- City: Mobile, Alabama
- League: SPHL
- Founded: September 17, 2025; 9 months ago Mobile, Alabama, U.S.
- Home arena: Regions Arena
- Colors: Purple, Green, Gold, White
- Owner: Zawyer Sports & Entertainment
- Website: MysticksHockey.com

= Mobile Mysticks (SPHL) =

The Mobile Mysticks are a planned professional ice hockey team based in Mobile, Alabama. The Mysticks are scheduled to begin play in the SPHL in the 2027–28 season and will be owned and operated by Zawyer Sports & Entertainment. They will play their home games at the new Regions Arena, a downtown venue currently under construction to replace the Mobile Civic Center.

==History==
Professional hockey in Mobile dates back to the original Mobile Mysticks, who competed in the East Coast Hockey League (now the ECHL) from 1995 to 2002 before ceasing operations and relocating. After more than two decades without a professional team, the SPHL Board of Governors unanimously approved an expansion franchise for Mobile on September 17, 2025.

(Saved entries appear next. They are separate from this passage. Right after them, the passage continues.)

Definition even_coform (v : 'I_3 -> vec) (k i j : 'I_3) : 'M[R]_(2, 3) :=
  \matrix_(r < 2, c < 3)
    if r == 0 :> nat then (if c == 2 :> nat then norm2 (v i) else 0)
    else (if c == 0 :> nat then 0 else if c == 1 :> nat then norm2 (v k)
          else norm2 (v j)).

End Defs.

From HB Require Import structures.
From mathcomp Require Import all_boot all_order all_algebra all_fingroup.
From mathcomp Require Import reals.
From mathcomp Require Import ring lra zify.
From Stdlib Require Import FunctionalExtensionality.

(* Write the vectors of a superbase in the orthogonal basis v, u_n = sum_m z_nm v_m
   with z integral.  Selling's formula 2 x.y = sum_(i,j) p_ij (a_i - a_j) (b_i - b_j),
   for x = sum a_i u_i and y = sum b_j u_j, shows that for an obtuse superbase
   x.y <= |y|^2 whenever x is a partial sum of the u_n and y a lattice vector.  With
   y = +-v_m, every partial sum of the m-th column of z lies in [-1, 1]; as the column
   sums to 0 it is e_a - e_b, so each v_m is an oriented edge of K_4 on the indices of
   the superbase.  Since neither u_n nor u_n + u_n' vanishes, the three edges form a
   spanning tree, i.e. a star (an odd superbase) or a path (an even one); this finite
   case analysis is decided by evaluation.  Conversely the listed superbases are
   obtuse superbases, reflections in the planes orthogonal to the v_m map the members
   of a class onto each other, and different sign choices give different sets. *)

Set Implicit Arguments. Unset Strict Implicit. Unset Printing Implicit Defensive.
Import Order.TTheory GRing.Theory Num.Theory.
Local Open Scope ring_scope.

Lemma ord3P (m : 'I_3) : [\/ m = 0, m = 1 | m = 2].
Proof.
by case: m => [[|[|[|//]]] p]; [constructor 1 | constructor 2 | constructor 3]; apply: val_inj.
Qed.

Lemma sum3 (V : zmodType) (F : 'I_3 -> V) : \sum_(l < 3) F l = F 0 + F 1 + F 2.
Proof.
by rewrite !big_ord_recl big_ord0 addr0 addrA; congr (F _ + F _ + F _); apply: val_inj.
Qed.

Lemma inord_lift0 (l : 'I_3) : inord l.+1 = lift ord0 l :> 'I_4.
Proof. by apply: val_inj; rewrite /= inordK // ltnS ltn_ord. Qed.

Section Dot.
Variable R : realType.
Implicit Types x y z : 'rV[R]_3.

Lemma dotC x y : dot x y = dot y x.
Proof. by apply: eq_bigr => l _; rewrite mulrC. Qed.

Lemma dotDl x y z : dot (x + y) z = dot x z + dot y z.
Proof. by rewrite /dot -big_split; apply: eq_bigr => l _; rewrite mxE mulrDl. Qed.

Lemma dotZl a x y : dot (a *: x) y = a * dot x y.
Proof. by rewrite /dot mulr_sumr; apply: eq_bigr => l _; rewrite mxE mulrA. Qed.

Lemma dotNl x y : dot (- x) y = - dot x y.
Proof. by rewrite -scaleN1r dotZl mulN1r. Qed.

Lemma dotBl x y z : dot (x - y) z = dot x z - dot y z.
Proof. by rewrite dotDl dotNl. Qed.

On June 17, 2026, the team was revealed to be the second incarnation of the Mysticks, with the returning purple, green and gold color scheme and logos modified from the original.

==Ownership and management==
The Mysticks are owned and operated by Zawyer Sports & Entertainment, a Jacksonville, Florida–based sports ownership and management company founded by CEO Andy Kaufmann. Zawyer Sports & Entertainment owns and operates multiple professional sports franchises across hockey and other sports, including the ECHL's Jacksonville Icemen, Savannah Ghost Pirates, and Greensboro Gargoyles, as well as the American Hockey League's Charlotte Checkers.

==Arena==
The Mysticks will play home games at the Regions Arena, a new multi‑use facility under construction in downtown Mobile. The arena is expected to seat approximately 10,000 spectators and host a variety of sports, entertainment, and cultural events. The venue's opening is planned for early 2027, ahead of the hockey team's inaugural season.